# Exercise requirements
If a line in the entries below contains "realType", copy it.

====== Records for the task

(* Let $0<c<1$. There is no set $A\subseteq\mathbb{N}$ such that $R_A(n)=cn+o(\sqrt{n})$ as $n\to\infty$.
   Context: $\mathbb{N}$ denotes the set of non-negative integers. For $A\subseteq\mathbb{N}$, $R_A(n)$ denotes the number of ordered pairs $(a,a')$ with $a,a'\in A$ and $a+a'=n$. *)

From Stdlib Require Import Reals Lra Lia List.
Open Scope R_scope.

(* A subset A of N is represented by its (boolean) characteristic function.
   R_A(n) = #{ (a, a') : a, a' in A, a + a' = n } = #{ a in [0, n] : a in A and n - a in A }. *)
Definition RA (A : nat -> bool) (n : nat) : nat :=
  List.length (List.filter (fun a => andb (A a) (A (n - a)%nat)) (List.seq 0 (S n))).

Definition little_o (f g : nat -> R) : Prop :=
  forall eps : R, 0 < eps -> exists N : nat, forall n : nat, (N <= n)%nat ->
    Rabs (f n) <= eps * Rabs (g n).

From Stdlib Require Import Reals.
From mathcomp Require Import all_boot all_order all_algebra.
From mathcomp Require Import cyclic separable cyclotomic complex reals Rstruct.
From mathcomp Require Import zify ring lra.

(* For s = r^2 < 1 close to 1 and M large, consider the truncated generating
   polynomials P = sum_(a in A, a < M) r^a X^a and G = sum_(a < M) r^a X^a.  For n < M
   the n-th coefficient of E = P^2 - c r X G^2 is r^n (R_A(n) - c n), so the hypothesis
   R_A(n) = c n + o(sqrt n) gives sum_n E_n^2 <= (2 eps / (1 - s))^2 once the tail
   n >= M is made negligible.  Averaging |P(w)|^2 <= c r |G(w)|^2 + |E(w)| over the
   (2M)-th roots of unity w and using Parseval yields
     (1 - s) sum_(a in A, a < M) s^a <= c + 2 eps,
   whereas
     (sum_(a in A, a < M) s^a)^2 >= sum_(n < M) R_A(n) s^n
                                 >= (c - eps) / (1 - s)^2 - O(1 / (1 - s)).
   For eps = (c - c^2) / 20 the two bounds are incompatible. *)

Set Implicit Arguments.
Unset Strict Implicit.
Unset Printing Implicit Defensive.

Import Order.TTheory GRing.Theory Num.Theory.

Local Open Scope nat_scope.

Definition rep (A : nat -> bool) (n : nat) : nat :=
  \sum_(j < n.+1) (A j && A (n - j)).

Definition rep_below (M : nat) (A : nat -> bool) (n : nat) : nat :=
  \sum_(j < n.+1) [&& j < M, n - j < M, A j & A (n - j)].
(* There exists a family $(L_n)_{n\ge2}$ of $\omega$-languages, $L_n$ over an alphabet with $n$ letters, such that for every $n\ge 2$, $L_n$ is recognized by a limit-deterministic Büchi automaton with $3n+2$ states, but $L_n$ is not recognized by any deterministic parity automaton with fewer than $n!$ states.
   Context: A limit-deterministic Büchi automaton (LDBA) is a nondeterministic Büchi automaton $(Q,q_0,\Sigma,\delta,\alpha)$ together with $Q_d\subseteq Q$ such that all accepting transitions are within $Q_d$, the transition relation is deterministic on $Q_d$, and $Q_d$ is closed under successors. A deterministic parity automaton has a deterministic transition function and a coloring of transitions by positive integers; a word is accepted iff the minimal color seen infinitely often on its run is even. *)

From mathcomp Require Import all_boot.
Set Implicit Arguments. Unset Strict Implicit. Unset Printing Implicit Defensive.

Definition oword (Sigma : Type) := nat -> Sigma.

Definition inf_often (P : nat -> Prop) : Prop := forall N, exists i, N <= i /\ P i.

Record NBA (Q Sigma : finType) := mkNBA {
  nba_init  : Q;
  nba_delta : Q -> Sigma -> Q -> bool;
  nba_acc   : Q -> Sigma -> Q -> bool
}.

Definition nba_run (Q Sigma : finType) (A : NBA Q Sigma) (w : oword Sigma)
  (r : nat -> Q) : Prop :=
  r 0 = nba_init A /\ forall i, nba_delta A (r i) (w i) (r i.+1).

Definition nba_accepts (Q Sigma : finType) (A : NBA Q Sigma) (w : oword Sigma) : Prop :=
  exists r, nba_run A w r /\ inf_often (fun i => nba_acc A (r i) (w i) (r i.+1)).

Definition is_LDBA (Q Sigma : finType) (A : NBA Q Sigma) (Qd : {set Q}) : Prop :=
  (forall p a q, nba_acc A p a q -> nba_delta A p a q /\ p \in Qd /\ q \in Qd) /\
  (forall p a q1 q2, p \in Qd -> nba_delta A p a q1 -> nba_delta A p a q2 -> q1 = q2) /\
  (forall p a q, p \in Qd -> nba_delta A p a q -> q \in Qd).

Record DPA (Q Sigma : finType) := mkDPA {
  dpa_init  : Q;
  dpa_trans : Q -> Sigma -> Q;
  dpa_col   : Q -> Sigma -> nat
}.

Definition dpa_wf (Q Sigma : finType) (A : DPA Q Sigma) : Prop :=
  forall q a, 0 < dpa_col A q a.
(* Counting the agents assigned to j under X and Y, only switchers differ. *)
Lemma count_balance X Y j : is_demand n X -> is_demand n Y ->
  Y j + \sum_(a in switchers X Y) (f a X == j)
  = X j + \sum_(a in switchers X Y) (f a Y == j).
Proof.
move=> hX hY; rewrite -(demand_ok hX j) -(demand_ok hY j).
have card_as_sum V : #|[set a | f a V == j]| = \sum_a (f a V == j).
  by rewrite -sum1_card big_mkcond; apply: eq_bigr => a _; rewrite inE; case: eqP.
rewrite !card_as_sum (bigID (mem (switchers X Y))) /=.
rewrite [in RHS](bigID (mem (switchers X Y))) /=.
have -> : \sum_(a | a \notin switchers X Y) (f a Y == j) =
          \sum_(a | a \notin switchers X Y) (f a X == j).
  by apply: eq_bigr => a; rewrite inE negbK => /eqP ->.
by rewrite [LHS]addnAC [RHS]addnAC; congr (_ + _); rewrite addnC.
Qed.

Definition net_transfer X Y s t := forall j,
  (j == t) + \sum_(a in switchers X Y) (f a X == j)
  = (j == s) + \sum_(a in switchers X Y) (f a Y == j).

Lemma move_net_transfer X s t : is_demand n X -> s <> t -> 0 < X s ->
  net_transfer X (move X s t) s t.
Proof.
move=> hX hst hs j; have := count_balance j hX (move_demand hX hst hs).
rewrite moveE; case: (j =P s) => [->|hjs]; first by rewrite (introF eqP hst); lia.
by case: (j =P t) => [->|hjt]; lia.
Qed.

Lemma frame_of_switchers X Y (A : {set 'I_n}) x :
  switchers X Y \subset A -> x \notin A -> f x Y = f x X.
Proof.
move=> /subsetP hA hx; apply/eqP; rewrite eq_sym; apply: contraNT hx => hsw.
by apply: hA; rewrite inE.
Qed.
(* Let $V$ be a Majorana algebra with a set $A$ of Majorana axes generating $V$. Then the group $G = \langle \tau(a) \mid a \in A\rangle$ acts faithfully on $A$.
   Context: Let $V$ be a real vector space with a positive definite symmetric bilinear form $(\,,\,)$ and a bilinear commutative (non-associative) product $\cdot$ such that (M1) $(u, v\cdot w) = (u\cdot v, w)$ and (M2) $(u\cdot u, v\cdot v)\ge (u\cdot v, u\cdot v)$ for all $u,v,w \in V$. For $a \in V$ write $V_\mu^{(a)} = \{v : a\cdot v = \mu v\}$. A Majorana axis is a nonzero $a\in V$ with: (M3) $(a,a)=1$, $a\cdot a=a$; (M4) $V = V_1^{(a)}\oplus V_0^{(a)}\oplus V_{1/4}^{(a)} \oplus V_{1/32}^{(a)}$; (M5) $V_1^{(a)}=\mathbb{R}a$; (M6) the linear map $\tau(a)$ acting as $+1$ on $V_1^{(a)}\oplus V_0^{(a)}\oplus V_{1/4}^{(a)}$ and $-1$ on $V_{1/32}^{(a)}$ is an algebra automorphism; (M7) on $V_+^{(a)}=V_1^{(a)}\oplus V_0^{(a)}\oplus V_{1/4}^{(a)}$ the map acting as $+1$ on $V_1^{(a)}\oplus V_0^{(a)}$ and $-1$ on $V_{1/4}^{(a)}$ preserves the product restricted to $V_+^{(a)}$. A Majorana algebra is such a $V$ generated as an algebra by a set $A$ of Majorana axes. Standing convention: the set $A$ is assumed closed under the action of $G=\langle \tau(a)\mid a\in A\rangle$ (acting on the right). *)

From HB Require Import structures.
From mathcomp Require Import all_boot all_order all_algebra.
From mathcomp Require Import reals.
Set Implicit Arguments. Unset Strict Implicit. Unset Printing Implicit Defensive.
Import Order.TTheory GRing.Theory Num.Theory.
Local Open Scope ring_scope.

Section Majorana.
Variables (R : realType) (V : lmodType R).
Variables (form : V -> V -> R) (mul : V -> V -> V).

Definition pos_def_sym_bilinear : Prop :=
  (forall (c : R) (u v w : V), form (c *: u + v) w = c * form u w + form v w) /\
  (forall u v : V, form u v = form v u) /\
  (forall v : V, v != 0 -> 0 < form v v).

Definition comm_bilinear_product : Prop :=
  (forall (c : R) (u v w : V), mul (c *: u + v) w = c *: mul u w + mul v w) /\
  (forall u v : V, mul u v = mul v u).

Definition M1 : Prop := forall u v w : V, form u (mul v w) = form (mul u v) w.
Definition M2 : Prop :=
  forall u v : V, form (mul u v) (mul u v) <= form (mul u u) (mul v v).

Definition eigv (a : V) (mu : R) (v : V) : Prop := mul a v = mu *: v.

Definition in_V10 (a v : V) : Prop :=
  exists v1 v0, v = v1 + v0 /\ eigv a 1 v1 /\ eigv a 0 v0.

Definition in_Vplus (a v : V) : Prop :=
  exists v1 v0 v4, v = v1 + v0 + v4 /\ eigv a 1 v1 /\ eigv a 0 v0 /\
                   eigv a (1 / 4) v4.

Definition algebra_automorphism (t : V -> V) : Prop :=
  (forall (c : R) (u v : V), t (c *: u + v) = c *: t u + t v) /\
  bijective t /\
  (forall u v : V, t (mul u v) = mul (t u) (t v)).

Definition is_tau (a : V) (t : V -> V) : Prop :=
  (forall (c : R) (u v : V), t (c *: u + v) = c *: t u + t v) /\
  (forall v, in_Vplus a v -> t v = v) /\
  (forall v, eigv a (1 / 32) v -> t v = - v).

Definition majorana_axis (a : V) (t : V -> V) : Prop :=
  form a a = 1 /\ mul a a = a /\
  (* M4 : V = V_1 + V_0 + V_{1/4} + V_{1/32} (the sum of eigenspaces for
     distinct eigenvalues is automatically direct) *)
  (forall v : V, exists v1 v0 v4 v32,
      v = v1 + v0 + v4 + v32 /\ eigv a 1 v1 /\ eigv a 0 v0 /\
      eigv a (1 / 4) v4 /\ eigv a (1 / 32) v32) /\
  (forall v : V, eigv a 1 v -> exists c : R, v = c *: a) /\
  is_tau a t /\ algebra_automorphism t /\
  (exists s : V -> V,
      (forall (c : R) (u v : V), s (c *: u + v) = c *: s u + s v) /\
      (forall v, in_V10 a v -> s v = v) /\
      (forall v, eigv a (1 / 4) v -> s v = - v) /\
      (forall u v, in_Vplus a u -> in_Vplus a v -> s (mul u v) = mul (s u) (s v))).

Inductive generated (A : V -> Prop) : V -> Prop :=
  | gen_base v : A v -> generated A v
  | gen_lin (c : R) u v : generated A u -> generated A v ->
                          generated A (c *: u + v)
  | gen_mul u v : generated A u -> generated A v -> generated A (mul u v).

Inductive in_G (A : V -> Prop) (tau : V -> V -> V) : (V -> V) -> Prop :=
  | G_id : in_G A tau id
  | G_comp a g : A a -> in_G A tau g -> in_G A tau (fun v => g (tau a v)).

Definition majorana_algebra (A : V -> Prop) (tau : V -> V -> V) : Prop :=
  pos_def_sym_bilinear /\ comm_bilinear_product /\ M1 /\ M2 /\
  (forall a, A a -> majorana_axis a (tau a)) /\
  (forall v : V, generated A v) /\
  (forall a b, A a -> A b -> A (tau b a)).

End Majorana.

From mathcomp Require Import all_boot all_order all_algebra.
From mathcomp Require Import reals.
Set Implicit Arguments. Unset Strict Implicit. Unset Printing Implicit Defensive.
Local Open Scope ring_scope.

(* Each element of G is a composite of the automorphisms tau(a), hence an
   algebra endomorphism of V; an endomorphism fixing the generating set A
   pointwise fixes the subalgebra generated by A, which is all of V. *)

Section AlgebraEndomorphisms.
Variables (R : realType) (V : lmodType R) (mul : V -> V -> V).

Definition algebra_endomorphism (f : V -> V) : Prop :=
  (forall (c : R) (u v : V), f (c *: u + v) = c *: f u + f v) /\
  (forall u v : V, f (mul u v) = mul (f u) (f v)).

Lemma algebra_automorphism_endo (f : V -> V) :
  algebra_automorphism mul f -> algebra_endomorphism f.
Proof. by case=> f_lin [_ f_mul]. Qed.

Lemma algebra_endomorphism_id : algebra_endomorphism id.
Proof. by []. Qed.

Lemma algebra_endomorphism_comp (f g : V -> V) :
  algebra_endomorphism f -> algebra_endomorphism g ->
  algebra_endomorphism (fun v => g (f v)).
Proof.
move=> [f_lin f_mul] [g_lin g_mul].
by split=> [c u v | u v]; rewrite ?f_lin ?g_lin ?f_mul ?g_mul.
Qed.

Lemma in_G_endomorphism (A : V -> Prop) (tau : V -> V -> V) (g : V -> V) :
  (forall a, A a -> algebra_endomorphism (tau a)) ->
  in_G A tau g -> algebra_endomorphism g.
Proof.
move=> tau_endo; elim=> [|a h Aa _ h_endo].
  exact: algebra_endomorphism_id.
exact: algebra_endomorphism_comp (tau_endo a Aa) h_endo.
Qed.

Lemma algebra_endomorphism_fix_generated (A : V -> Prop) (g : V -> V) (v : V) :
  algebra_endomorphism g -> (forall a, A a -> g a = a) ->
  generated mul A v -> g v = v.
Proof.
move=> [g_lin g_mul] g_fixA.
by elim=> [w /g_fixA | c u w _ IHu _ IHw | u w _ IHu _ IHw];
  rewrite ?g_lin ?g_mul ?IHu ?IHw.
Qed.

End AlgebraEndomorphisms.

Theorem mainTheorem5 (R : realType) (V : lmodType R)
  (form : V -> V -> R) (mul : V -> V -> V)
  (A : V -> Prop) (tau : V -> V -> V) :
  majorana_algebra form mul A tau ->
  forall g : V -> V, in_G A tau g ->
  (forall a, A a -> g a = a) -> forall v : V, g v = v.
Proof.
move=> [_ [_ [_ [_ [axes [gen _]]]]]] g Gg g_fixA v.
have tau_endo a : A a -> algebra_endomorphism mul (tau a).
  by move=> /axes [_ [_ [_ [_ [_ [/algebra_automorphism_endo ? _]]]]]].
exact: algebra_endomorphism_fix_generated
  (in_G_endomorphism tau_endo Gg) g_fixA (gen v).
Qed.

============

# Answer section
Variables (R : realType) (V : lmodType R).
Variables (R : realType) (V : lmodType R) (mul : V -> V -> V).
Theorem mainTheorem5 (R : realType) (V : lmodType R)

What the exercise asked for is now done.